▶

Lemma flip_supp X i : - ubound X < i -> ucoef X (- i) = 0.
Proof. by move=> h; apply: ucoef_supp; lia. Qed.

Definition flip X : lser := @LSer F R n (- ubound X) (fun i => ucoef X (- i)) (@flip_supp X).

Lemma flipE X i : lcoef (flip X) i = ucoef X (- i). Proof. by []. Qed.

Lemma user_eq_flip X Y : user_eq X Y <-> lser_eq (flip X) (flip Y).
Proof.
split=> h i; first by rewrite !flipE h.
by have := h (- i); rewrite !flipE opprK.
Qed.

Lemma flip_umul X Y : lser_eq (flip (umul X Y)) (lmul (flip X) (flip Y)).
Proof.
move=> k; rewrite flipE /= /umul_coef /lmul_coef /=.
have -> : - k - ubound X - ubound Y + 1 = - ubound X + - ubound Y - k + 1 by lia.
by apply: eq_bigr => t _; congr (_ *m _); congr (ucoef _ _); ring.
Qed.

Lemma flip_uadd X Y : lser_eq (flip (uadd X Y)) (ladd (flip X) (flip Y)).
Proof. by []. Qed.

Lemma flip_uopp X : lser_eq (flip (uopp X)) (lopp (flip X)).
Proof. by []. Qed.

Lemma flip_ucomm X Y : lser_eq (flip (ucomm X Y)) (lcomm (flip X) (flip Y)).
Proof. by rewrite /ucomm /lcomm flip_uadd flip_uopp !flip_umul. Qed.

Lemma flip_umono A m : lser_eq (flip (umono A m)) (lmono A (- m)).
Proof. by move=> k; rewrite flipE /= -eqr_oppLR. Qed.

Lemma flip_uder D X : is_derivation D -> lser_eq (flip (uder D X)) (lder D (flip X)).
Proof.
move=> hD k; rewrite (lderE hD) !flipE /=; case: ifP => // /negbT; rewrite -ltNge.
by move=> h; rewrite ucoef_supp // (@map_deriv0 _ _ n _ hD).
Qed.

Lemma flip_inverse X Y : user_eq (umul X Y) (umono 1%:M 0) ->
  lser_eq (lmul (flip X) (flip Y)) (lmono 1%:M 0).
Proof. by move/user_eq_flip; rewrite flip_umul flip_umono oppr0. Qed.

Lemma flip_uwave_eq D (g X : user) A m (P : user) : is_derivation D ->
  uwave_eq D (umul g X) A m P -> lwave_eq D (lmul (flip g) (flip X)) A (- m) (flip P).
Proof.
move=> hD /user_eq_flip; rewrite /lwave_eq -(lder_mor hD (flip_umul g X)) -flip_umono.
by rewrite -!flip_umul -(flip_uder _ hD) -flip_uadd.
Qed.
Lemma eulerD_Lambda : eulerD (fps_compX2 (fps_tail (Lambda alpha_ alpha))) = G.
Proof.
apply/funext => m; rewrite fpsD -(rmorph_nat fpsC) fpsCM fps_sum /eulerD.
have [m_odd | m_even] := boolP (odd m).
  by rewrite fps_compX2_odd // mulr0 /geomX2 m_odd /= big1 ?mulr0 ?addr0.
rewrite -[m]odd_double_half (negbTE m_even) add0n fps_compX2_double /geomX2.
rewrite odd_double /= doubleK; case: m./2 => [|k] /=.
  by rewrite big1 // !mulr0 addr0.
by rewrite /Lambda -mul2n mulrC divfK // mul2n natf_neq0S.
Qed.

Variables (F0 : fps K) (qg0 qgm1 : nat -> nat -> K).
Hypothesis F0_sqrt : is_sqrt_series F0 (F0_square alpha_).
Hypothesis expansion_g : is_expansion g (F_of alpha F0) (H_g alpha_ alpha) qg0.
Hypothesis expansion_gm1 : is_expansion g.-1 F0 (H_gm1 alpha_) qgm1.

Local Notation F := (F_of alpha F0 : fps K).

Lemma F_ofE : F = (1 - fpsC alpha * fpsX ^+ 2) * F0.
Proof. by rewrite /F_of ps_of_poly_1subX2. Qed.

Lemma exp_Lambda_mul_F_of : E * F = 1.
Proof.
have [F00 F0F0] := F0_sqrt.
have F0_sq : F0 * F0 = \prod_(j < 2 * g - 1) (1 - fpsC (alpha_ j) * fpsX ^+ 2).
  apply/funext => n; transitivity (ps_of_poly (F0_square alpha_) n); first exact: F0F0.
  rewrite rmorph_prod; congr (_ n); apply: eq_bigr => j _.
  exact: ps_of_poly_1subX2.
apply: (eulerD_mul_eq1 K0 (G := G)).
- rewrite F_ofE fpsM big_ord1 fpsB fps1 fpsCM fpsXn F00 [E _]/fps_compX2 ps_exp0.
  by rewrite /= mulr0 subr0 !mul1r.
- rewrite eulerD_compX2 eulerD_ps_exp // rmorphM mulrA -eulerD_compX2.
  by rewrite eulerD_Lambda.
rewrite F_ofE eulerDM eulerD_1subX2 (eulerD_sqrt_prod K0 F00 F0_sq); ring.
Qed.
Local Open Scope ring_scope.
Variable R : realFieldType.
Variables alpha beta : {set 'I_n} -> R.
Hypothesis alpha_beta :
  forall B : {set 'I_n}, #|B| = 2%N -> B != [set i; j] -> alpha B = beta B.

Lemma alphaF_off_pair S M : crm leaf e S M -> [set i; j] \notin M ->
  alphaF leaf e alpha S = alphaF leaf e beta S.
Proof.
move=> C ijM; have [_ card2 _ _] := C.
rewrite !(alphaF_crm _ (fun M' C' => crm_uniq C' C) C).
apply: eq_bigr => B BM; apply: alpha_beta (card2 _ BM) _.
by apply: contraNneq ijM => <-.
Qed.

Lemma alphaF_with_pair S M : crm leaf e S M -> [set i; j] \in M ->
  alphaF leaf e alpha S - alphaF leaf e beta S =
  (alpha [set i; j] - beta [set i; j]) *
    alphaF leaf Tij (gammaV leaf e i j alpha) (S :\: [set i; j]).
Proof.
move=> C ijM; have C' := crm_del_pair C ijM; have [_ card2 _ _] := C'.
rewrite !(alphaF_crm _ (fun M' C1 => crm_uniq C1 C) C).
rewrite (alphaF_crm _ (fun M' C1 => crm_Tij_uniq C1 C') C').
rewrite !(big_setD1 _ ijM) /= mulrBl; congr (_ * _ - _ * _).
  by apply: eq_bigr => B BM; rewrite (gammaV_crm _ C' BM).
apply: eq_bigr => B BM; rewrite (gammaV_crm _ C' BM) alpha_beta ?card2 //.
by case/setD1P: BM.
Qed.
Lemma sum_In_closed (V : zmodType) (Q : V -> Prop) (T : Type) (s : seq T) (F : T -> V) :
  Q 0 -> (forall x y, Q x -> Q y -> Q (x + y)) -> (forall t, List.In t s -> Q (F t)) ->
  Q (\sum_(t <- s) F t).
Proof.
move=> Q0 QD; elim: s => [|t s IH] Qs; first by rewrite big_nil.
by rewrite big_cons; apply: QD; [apply: Qs; left | apply: IH => u hu; apply: Qs; right].
Qed.

Section IdealsAndSubmodules.
Variable R : comUnitRingType.

Lemma ideal_subgroup (I : R -> Prop) : is_ideal I -> is_subgroup I.
Proof. by case=> I0 ID IM; split=> // x y hx hy; rewrite -mulN1r; exact/ID/IM. Qed.

Lemma bideal_ideal (u1 u2 : R) Lam : is_ideal (bideal u1 u2 Lam).
Proof.
split.
- by exists [::]; rewrite big_nil.
- move=> x y [s [hs ->]] [t [ht ->]]; exists (s ++ t); rewrite big_cat; split=> // v.
  by move=> /(List.in_app_or s t v) [/hs | /ht].
- move=> r x [s [hs ->]]; exists [seq (r * v.1, v.2) | v <- s]; split.
  + by move=> v /List.in_map_iff [w [<- /hs]].
  + by rewrite big_map mulr_sumr; apply: eq_bigr => v _; rewrite mulrA.
Qed.

Variable M : lmodType R.
Implicit Types (I : R -> Prop) (N : M -> Prop).

Lemma submod_subgroup N : is_submod N -> is_subgroup N.
Proof. by case=> N0 ND NZ; split=> // x y hx hy; rewrite -scaleN1r; exact/ND/NZ. Qed.

Lemma submodI N N' : is_submod N -> is_submod N' -> is_submod (fun x => N x /\ N' x).
Proof.
move=> [N0 ND NZ] [N'0 N'D N'Z]; split=> // [x y [hx hx'] [hy hy']|r x [hx hx']].
- by split; [exact: ND | exact: N'D].
- by split; [exact: NZ | exact: N'Z].
Qed.

Lemma idmod_submod I N : is_ideal I -> is_submod (idmod I N).
Proof.
case=> _ _ IM; split.
- by exists [::]; rewrite big_nil.
- move=> x y [s [hs ->]] [t [ht ->]]; exists (s ++ t); rewrite big_cat; split=> // v.
  by move=> /(List.in_app_or s t v) [/hs | /ht].
- move=> r x [s [hs ->]]; exists [seq (r * v.1, v.2) | v <- s]; split.
  + by move=> v /List.in_map_iff [w [<- /hs [hI hN]]]; split=> //; exact: IM.
  + by rewrite big_map scaler_sumr; apply: eq_bigr => v _; rewrite scalerA.
Qed.

Lemma idmod_scale I N r m : I r -> N m -> idmod I N (r *: m).
Proof. by move=> hr hm; exists [:: (r, m)]; split; [move=> t [<-|[]] | rewrite big_seq1]. Qed.

Lemma idmod_sub I N x : is_submod N -> idmod I N x -> N x.
Proof. by case=> N0 ND NZ [s [hs ->]]; apply: sum_In_closed => // t /hs [_ /NZ]. Qed.

Lemma idmod_mono I N N' x : (forall y, N y -> N' y) -> idmod I N x -> idmod I N' x.
Proof. by move=> NN' [s [hs ->]]; exists s; split=> // t /hs [hI /NN']. Qed.

End IdealsAndSubmodules.

Section FinitelyGeneratedQuotient.
Variables (R : comUnitRingType) (M : lmodType R) (K N : M -> Prop) (J : R -> Prop) (n : nat).
Hypotheses (K_sub : is_submod K) (N_sub : is_submod N).
Hypothesis J_fin : qcard (fun _ => True) J n.
Hypothesis JK_N : forall r k, J r -> K k -> N (r *: k).

Lemma combinations_cover (gens : seq M) : (forall g, List.In g gens -> K g) ->
  exists T : seq M, (forall x, x \in T -> K x) /\ forall c : seq R,
    exists2 x, x \in T & N (\sum_(i < size gens) c`_i *: gens`_i - x).
Proof.
case: (K_sub) (N_sub) J_fin => K0 KD KZ [N0 ND _] [q [qs _ _ qC]].
elim: gens => [|g gens IH] gK.
  exists [:: 0]; split=> [x|c]; first by rewrite mem_seq1 => /eqP->.
  by exists 0; rewrite ?mem_head // big_ord0 subr0.
have [T [TK TC]] := IH (fun g' h => gK g' (or_intror h)).
have Kg : K g by apply: gK; left.
exists [seq e *: g + x | e <- q, x <- T]; split.
  by move=> _ /allpairsP [[e x] [_ /TK hx ->]]; exact/KD/hx/KZ.
move=> c; have [x xT hx] := TC (behead c); have [i hi hJ] := qC c`_0 I.
exists (q`_i *: g + x); first by apply/allpairsP; exists (q`_i, x); rewrite mem_nth ?qs.
rewrite big_ord_recl /=.
under eq_bigr => j _ do rewrite /bump leq0n add1n -nth_behead.
by rewrite opprD addrACA -scalerBl; exact/ND/hx/JK_N.
Qed.

Lemma fg_quot_finite : fg_submod K -> exists m, qcard K N m.
Proof.
move=> [gens [gK gS]]; have [T [TK TC]] := combinations_cover gK.
apply: (qcard_of_cover (submod_subgroup N_sub) TK) => k /gS [c ->].
exact: TC.
Qed.

End FinitelyGeneratedQuotient.

Section QuotientIsoToRmodP.
Variables (R : comUnitRingType) (M : lmodType R) (L : M -> Prop) (P b : R -> Prop).
Variables (f : M -> R) (m0 : M).
Hypotheses (L_sub : is_submod L) (P_ideal : is_ideal P) (b_ideal : is_ideal b).
Hypotheses (f_add : forall x y, P (f (x + y) - (f x + f y)))
  (f_scale : forall r x, P (f (r *: x) - r * f x))
  (f_surj : forall r, exists x, P (f x - r))
  (f_ker : forall x, P (f x) <-> L x)
  (f_m0 : P (f m0 - 1)).

Local Notation bM := (idmod b (fun _ : M => True)).
Local Notation bL := (idmod b L).

Let P_eq x y : P x -> x = y -> P y. Proof. by move=> ? <-. Qed.
Let PD x y : P x -> P y -> P (x + y). Proof. by case: P_ideal => _ PD _; exact: PD. Qed.
Let PM r x : P x -> P (r * x). Proof. by case: P_ideal => _ _; exact. Qed.
Let PB x y : P x -> P y -> P (x - y). Proof. exact: (ideal_subgroup P_ideal).2. Qed.

Lemma f_sub x y : P (f (x - y) - (f x - f y)).
Proof.
have := PD (f_add x (- y)) (f_scale (-1) y); rewrite scaleN1r mulN1r.
by move/P_eq; apply; ring.
Qed.

Lemma f_sum (s : seq (R * M)) : P (f (\sum_(t <- s) t.1 *: t.2) - \sum_(t <- s) t.1 * f t.2).
Proof.
elim: s => [|t s IH]; first by have := f_scale 0 0; rewrite scale0r !big_nil !mul0r subr0.
rewrite !big_cons; have := f_add (t.1 *: t.2) (\sum_(u <- s) u.1 *: u.2).
by move/PD/(_ (f_scale t.1 t.2))/PD/(_ IH)/P_eq; apply; ring.
Qed.

Lemma L_scale_m0 r : L (r *: m0) <-> P r.
Proof.
rewrite -f_ker; split=> hr.
- by apply: (P_eq (PB (PB hr (f_scale r m0)) (PM r f_m0))); ring.
- by apply: (P_eq (PD (f_scale r m0) (PM (f m0) hr))); ring.
Qed.

Lemma L_sub_f_scale_m0 m : L (m - f m *: m0).
Proof.
apply/f_ker; apply: (P_eq (PB (PB (f_sub m (f m *: m0)) (f_scale (f m) m0)) (PM (f m) f_m0))).
ring.
Qed.

Lemma quot_sumset_bij :
  induces_quot_bij f (fun _ => True) (sumset L bM) (fun _ => True) (idsum b P).
Proof.
case: (b_ideal) => b0 bD bM_mul; split=> // [x y _ _|r _]; last first.
  have [x hx] := f_surj r; exists x => //; exists 0, (r - f x); split; rewrite ?add0r //.
  by rewrite -opprB; exact: (subgroupN (ideal_subgroup P_ideal)).
split=> [[l [w [hl [s [hs ew]] exy]]]|[be [pi [hbe hpi exy]]]].
- exists (\sum_(t <- s) t.1 * f t.2), (f x - f y - \sum_(t <- s) t.1 * f t.2).
  split; last by rewrite [RHS]addrC subrK.
  + apply: sum_In_closed => // t /hs [hb _]; rewrite mulrC; exact: bM_mul.
  + have := f_sub x y; rewrite exy ew => h.
    have := PD (f_add l (\sum_(t <- s) t.1 *: t.2)) (proj2 (f_ker l) hl).
    by move/PB/(_ h)/PD/(_ (f_sum s))/P_eq; apply; ring.
- exists (x - y - be *: m0), (be *: m0); split; [|exact: idmod_scale | by rewrite subrK].
  apply/f_ker; have ex : f x = be + pi + f y by rewrite -exy subrK.
  have := f_sub x y; rewrite ex => h.
  apply: (P_eq (PD (PB (PB (f_sub (x - y) (be *: m0)) (f_scale be m0)) (PM be f_m0)) (PD h hpi))).
  ring.
Qed.

Lemma L_cap_bM_scale_m0 k : L k /\ bM k -> exists2 r, b r /\ P r & bL (k - r *: m0).
Proof.
case: (b_ideal) (idmod_submod L b_ideal) => b0 bD b_mul [bL0 bLD _] [hk [s [hs ek]]].
have hbL : bL (k - (\sum_(t <- s) t.1 * f t.2) *: m0).
  rewrite ek scaler_suml -sumrB; apply: sum_In_closed => // t /hs [hb _].
  by rewrite -scalerA -scalerBr; apply: idmod_scale hb (L_sub_f_scale_m0 _).
exists (\sum_(t <- s) t.1 * f t.2) => //; split.
  by apply: sum_In_closed => // t /hs [hb _]; rewrite mulrC; exact: b_mul.
apply/L_scale_m0; rewrite -(subKr k (_ *: m0)).
exact: (submod_subgroup L_sub).2 hk (idmod_sub L_sub hbL).
Qed.

Lemma idsum_scale_L_cap_bM r k : idsum b P r -> L k /\ bM k -> bL (r *: k).
Proof.
case: (idmod_submod L b_ideal) => _ bLD bLZ [be [pi [hbe hpi ->]]] hK.
have [hk _] := hK; have [r' [hr'b _] hbL] := L_cap_bM_scale_m0 hK.
rewrite scalerDl; apply: (bLD); first exact: idmod_scale.
rewrite -(subrK (r' *: m0) k) scalerDr; apply: (bLD); first exact: bLZ.
by rewrite scalerA mulrC -scalerA; apply: idmod_scale hr'b _; exact/L_scale_m0.
Qed.

Definition a_ideal r := [/\ b r, P r & bL (r *: m0)].

Lemma a_ideal_ideal : is_ideal a_ideal.
Proof.
case: (b_ideal) P_ideal (idmod_submod L b_ideal) => b0 bD bZ [P0 _ _] [bL0 bLD bLZ].
split=> [|x y [hxb hxP hxL] [hyb hyP hyL]|r x [hxb hxP hxL]].
- by split; rewrite ?scale0r.
- by split; [exact: bD | exact: PD | rewrite scalerDl; exact: bLD].
- by split; [exact: bZ | exact: PM | rewrite -scalerA; exact: bLZ].
Qed.

Lemma idprod_sub_a_ideal x : idprod b P x -> a_ideal x.
Proof.
case: (b_ideal) P_ideal (idmod_submod L b_ideal) => b0 bD bZ [P0 _ _] [bL0 bLD _].
move=> [s [hs ->]]; split.
- by apply: sum_In_closed => // t /hs [hb _]; rewrite mulrC; exact: bZ.
- by apply: sum_In_closed => // t /hs [_ /PM].
- rewrite scaler_suml; apply: sum_In_closed => // t /hs [hb hP].
  by rewrite -scalerA; apply: idmod_scale hb _; exact/L_scale_m0.
Qed.

Lemma quot_a_ideal_bij : induces_quot_bij (fun r => r *: m0)
  (fun r => b r /\ P r) a_ideal (fun k => L k /\ bM k) bL.
Proof.
split=> [r [hb hP]|x y [hxb hxP] [hyb hyP]|k hK].
- by split; [exact/L_scale_m0 | exact: idmod_scale].
- rewrite -scalerBl; split=> [[] //|hL]; split=> //.
  + exact: (ideal_subgroup b_ideal).2.
  + exact: PB.
- by have [r hr hbL] := L_cap_bM_scale_m0 hK; exists r.
Qed.

Lemma qcard_quot_iso_count nM : noetherian_sub L -> qcard (fun _ => True) bM nM ->
  exists nQ nL nA : nat,
    [/\ qcard (fun _ => True) (idsum b P) nQ, qcard L bL nL,
        qcard (fun r => b r /\ P r) a_ideal nA & nM * nA = nQ * nL]%N.
Proof.
move=> L_noeth hfin.
have bM_grp : is_subgroup bM := submod_subgroup (idmod_submod _ b_ideal).
have L_grp := submod_subgroup L_sub.
have LbM_grp := sumset_subgroup L_grp bM_grp.
have bM_LbM x : bM x -> sumset L bM x by exists 0, x; split; rewrite ?add0r; case: L_grp.
have [n1 qLbM] := qcard_coarsen LbM_grp bM_LbM hfin.
have qQ : qcard (fun _ => True) (idsum b P) n1 := (qcard_quot_bij LbM_grp
  (sumset_subgroup (ideal_subgroup b_ideal) (ideal_subgroup P_ideal)) quot_sumset_bij n1).1 qLbM.
have [n2 qLK] := qcard_restrict bM_grp L_grp (fun _ _ => I) hfin.
have T_grp : is_subgroup (fun _ : M => True) by [].
have qM := qcard_tower T_grp LbM_grp (fun _ _ => I) bM_LbM qLbM (qcard_sumset L_grp bM_grp qLK).
have K_sub := submodI L_sub (idmod_submod (fun _ => True) b_ideal).
have [nA qKbL] := fg_quot_finite K_sub (idmod_submod L b_ideal) qQ
  idsum_scale_L_cap_bM (L_noeth _ K_sub (fun _ => @proj1 _ _)).
have qA := (qcard_quot_bij (ideal_subgroup a_ideal_ideal)
  (submod_subgroup (idmod_submod L b_ideal)) quot_a_ideal_bij nA).2 qKbL.
have qL := qcard_tower L_grp (submod_subgroup K_sub) (fun _ => @proj1 _ _)
  (fun x h => conj (idmod_sub L_sub h) (idmod_mono (fun _ _ => I) h)) qLK qKbL.
exists n1, (n2 * nA)%N, nA; split=> //.
by rewrite (qcard_uniq bM_grp hfin qM) mulnA.
Qed.

End QuotientIsoToRmodP.

Theorem lemma5p2 (R : comUnitRingType) (u1 u2 : R) (hR : is_laurent2 u1 u2)
  (M : lmodType R) (L : M -> Prop) (P : R -> Prop) (Lam : int * int -> Prop)
  (hM : noetherian_sub (fun _ : M => True))
  (hL : is_submod L) (hLn : noetherian_sub L)
  (hP : is_prime_ideal P) (hiso : quot_iso_Rmod L P)
  (hLam : is_fi_subgroup Lam)
  (nM : nat) (hfin : qcard (fun _ : M => True) (idmod (bideal u1 u2 Lam) (fun _ => True)) nM) :
  exists A : R -> Prop,
    [/\ is_ideal A,
        (forall x, idprod (bideal u1 u2 Lam) P x -> A x),
        (forall x, A x -> bideal u1 u2 Lam x /\ P x)
      & exists nQ nL nA : nat,
          [/\ qcard (fun _ : R => True) (idsum (bideal u1 u2 Lam) P) nQ,
              qcard L (idmod (bideal u1 u2 Lam) L) nL,
              qcard (fun x => bideal u1 u2 Lam x /\ P x) A nA
            & nM * nA = nQ * nL]%N].
Proof.
have [f [f_add f_scale f_surj f_ker]] := hiso.
have [m0 f_m0] := f_surj 1.
have [P_ideal _ _] := hP.
have b_ideal := bideal_ideal u1 u2 Lam.
exists (a_ideal L P (bideal u1 u2 Lam) m0); split.
- exact: a_ideal_ideal.
- exact: idprod_sub_a_ideal P_ideal b_ideal f_scale f_ker f_m0.
- by move=> x [].
- exact (qcard_quot_iso_count hL P_ideal b_ideal f_add f_scale f_surj f_ker f_m0 hLn hfin).
Qed.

◀

**WHAT YOU WILL DO:**
All that is wanted is a faithful reproduction of the line above with "apply/funext => m;", the line with "by rewrite eulerD_Lambda.", and every line in between.

**ANSWER TO THE PROBLEM:**
apply/funext => m; rewrite fpsD -(rmorph_nat fpsC) fpsCM fps_sum /eulerD.
have [m_odd | m_even] := boolP (odd m).
  by rewrite fps_compX2_odd // mulr0 /geomX2 m_odd /= big1 ?mulr0 ?addr0.
rewrite -[m]odd_double_half (negbTE m_even) add0n fps_compX2_double /geomX2.
rewrite odd_double /= doubleK; case: m./2 => [|k] /=.
  by rewrite big1 // !mulr0 addr0.
by rewrite /Lambda -mul2n mulrC divfK // mul2n natf_neq0S.
Qed.

Variables (F0 : fps K) (qg0 qgm1 : nat -> nat -> K).
Hypothesis F0_sqrt : is_sqrt_series F0 (F0_square alpha_).
Hypothesis expansion_g : is_expansion g (F_of alpha F0) (H_g alpha_ alpha) qg0.
Hypothesis expansion_gm1 : is_expansion g.-1 F0 (H_gm1 alpha_) qgm1.

Local Notation F := (F_of alpha F0 : fps K).

Lemma F_ofE : F = (1 - fpsC alpha * fpsX ^+ 2) * F0.
Proof. by rewrite /F_of ps_of_poly_1subX2. Qed.

Lemma exp_Lambda_mul_F_of : E * F = 1.
Proof.
have [F00 F0F0] := F0_sqrt.
have F0_sq : F0 * F0 = \prod_(j < 2 * g - 1) (1 - fpsC (alpha_ j) * fpsX ^+ 2).
  apply/funext => n; transitivity (ps_of_poly (F0_square alpha_) n); first exact: F0F0.
  rewrite rmorph_prod; congr (_ n); apply: eq_bigr => j _.
  exact: ps_of_poly_1subX2.
apply: (eulerD_mul_eq1 K0 (G := G)).
- rewrite F_ofE fpsM big_ord1 fpsB fps1 fpsCM fpsXn F00 [E _]/fps_compX2 ps_exp0.
  by rewrite /= mulr0 subr0 !mul1r.
- rewrite eulerD_compX2 eulerD_ps_exp // rmorphM mulrA -eulerD_compX2.
  by rewrite eulerD_Lambda.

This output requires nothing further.